- **DATA TO EXAMINE**:
Section PresentationTensor.
Context {C : SMCat} {T P : Bimonad C} (f : BimonadMor T P)
  (Ht : tensor_preserves_rc_left C) (HPl : leftHopf P) (HTl : leftHopf T)
  (M : Alg T) (A : Alg P).
Local Notation kap := (hopf_module_map P (carrier M) A).
Local Notation rho := (hopf_module_map T (carrier M) (fstar f A)).
Local Notation MA := (carrier M ⊗ carrier A).

(* Through the Hopf module maps, the presentation pair of [M ⊗ f^* A] is
   isomorphic to the presentation pair of [M] tensored with [A]; the latter
   is coequalized by [cm ⊗ A] because [- ⊗ A] preserves reflexive coequalizers. *)
Lemma presentation_tensor_iso_l {Z Q1 : C} (cm : hom C (P (carrier M)) Z)
  (Hcm : is_coequalizer (mmap P (act M)) (mu P (carrier M) ∘ mmap P (f (carrier M))) cm)
  (c' : hom C (P MA) Q1)
  (Hc' : is_coequalizer (mmap P ((act M ⊗m idm (carrier A)) ∘ rho)) (mu P MA ∘ mmap P (f MA)) c')
  (chi : hom C Q1 (Z ⊗ carrier A)) (e : chi ∘ c' = (cm ⊗m idm (carrier A)) ∘ kap) :
  is_iso chi.
Proof.
  destruct (leftHopf_module_iso P HPl (carrier M) A) as [ki [k1 k2]].
  destruct (leftHopf_module_iso P HPl (T (carrier M)) A) as [ki' [_ k2']].
  destruct (leftHopf_module_iso T HTl (carrier M) (fstar f A)) as [ri [_ r2]].
  pose proof (Ht _ _ _ _ _ cm (carrier A) (pres_reflexive f M) Hcm) as Hd.
  assert (Ea : kap ∘ mmap P ((act M ⊗m idm (carrier A)) ∘ rho) ∘ (mmap P ri ∘ ki')
               = mmap P (act M) ⊗m idm (carrier A)).
  { rewrite mmap_cmp. reassoc. rewrite_chain (hopf_module_map_natl P _ _ A (act M)).
    rewrite_chain_rev (mmap_cmp _ P _ _ _ ri rho). rewrite r2, mmap_id, cmp_idr.
    rewrite_chain k2'. rewrite cmp_idr. reflexivity. }
  assert (Eb : kap ∘ (mu P MA ∘ mmap P (f MA)) ∘ (mmap P ri ∘ ki')
               = (mu P (carrier M) ∘ mmap P (f (carrier M))) ⊗m idm (carrier A)).
  { reassoc. rewrite hopf_module_map_mu.
    rewrite_chain_rev (mmap_cmp _ P _ _ _ (f MA) kap).
    rewrite hopf_module_map_bmor, mmap_cmp. reassoc.
    rewrite_chain (hopf_module_map_natl P _ _ A (f (carrier M))).
    rewrite_chain_rev (mmap_cmp _ P _ _ _ ri rho). rewrite r2, mmap_id, cmp_idr.
    rewrite_chain k2'. rewrite cmp_idr. merge_tensors. rewrite cmp_idl. reflexivity. }
  assert (Ec : cm ⊗m idm (carrier A) ∘ kap ∘ mmap P ((act M ⊗m idm (carrier A)) ∘ rho)
               = cm ⊗m idm (carrier A) ∘ kap ∘ (mu P MA ∘ mmap P (f MA))).
  { rewrite <- e, <- !cmp_assoc. f_equal. exact (proj1 Hc'). }
  exact (coequalizer_cmp_iso Hc' (coequalizer_transport _ _ _ _ _ _ ki _ Hd k1 k2 Ea Eb Ec) chi e).
Qed.
End PresentationTensor.
Lemma Lalpha_ge0 x : simplex x -> 0 <= Lalpha alpha x.
Proof.
case=> _ x1; rewrite /Lalpha subr_ge0; set m := fmin _.
have le_x i : m * alpha i <= x i.
  by rewrite -ler_pdivlMr ?alpha_relint.1 //; apply: fmin_le.
have : \sum_(i < n) m * alpha i <= \sum_(i < n) x i by apply: ler_sum.
by rewrite -mulr_sumr alpha_relint.2 x1 mulr1.
Qed.

Lemma Lalpha_eq0 x : simplex x -> (Lalpha alpha x = 0 <-> x = alpha).
Proof.
case=> _ x1; split => [/eqP|->]; last first.
  rewrite /Lalpha; have [i ->] := fmin_mem (fun i => alpha i / alpha i) n_gt0.
  by rewrite divff ?subrr // gt_eqF // alpha_relint.1.
rewrite subr_eq0 eq_sym => /eqP min1.
have le_x i : alpha i <= x i.
  have := fmin_le (fun i => x i / alpha i) i.
  by rewrite min1 ler_pdivlMr ?mul1r // alpha_relint.1.
have : \sum_(i < n) (x i - alpha i) == 0 by rewrite sumrB x1 alpha_relint.2 subrr.
rewrite psumr_eq0 => [/allP x_alpha|i _]; last by rewrite subr_ge0.
apply: funext => i; apply/eqP; rewrite -subr_eq0.
exact: implyP (x_alpha i (mem_index_enum _)) isT.
Qed.

End Lalpha.

Section Lipschitz.
Variables (R : realType) (V : normedModType R).

Lemma klipschitzP (k : R) (A : set R) (f : R -> V) :
  k.-lipschitz_A f <-> forall x y, A x -> A y -> `|f x - f y| <= k * `|x - y|.
Proof. by split => [H x y Ax Ay | H [x y] /= [Ax Ay]]; [apply: (H (x, y)) | apply: H]. Qed.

- **WORK TASK**: The lines to return are those in the entries above that include "Notation".

- **PROBLEM SOLUTION**:
Local Notation kap := (hopf_module_map P (carrier M) A).
Local Notation rho := (hopf_module_map T (carrier M) (fstar f A)).
Local Notation MA := (carrier M ⊗ carrier A).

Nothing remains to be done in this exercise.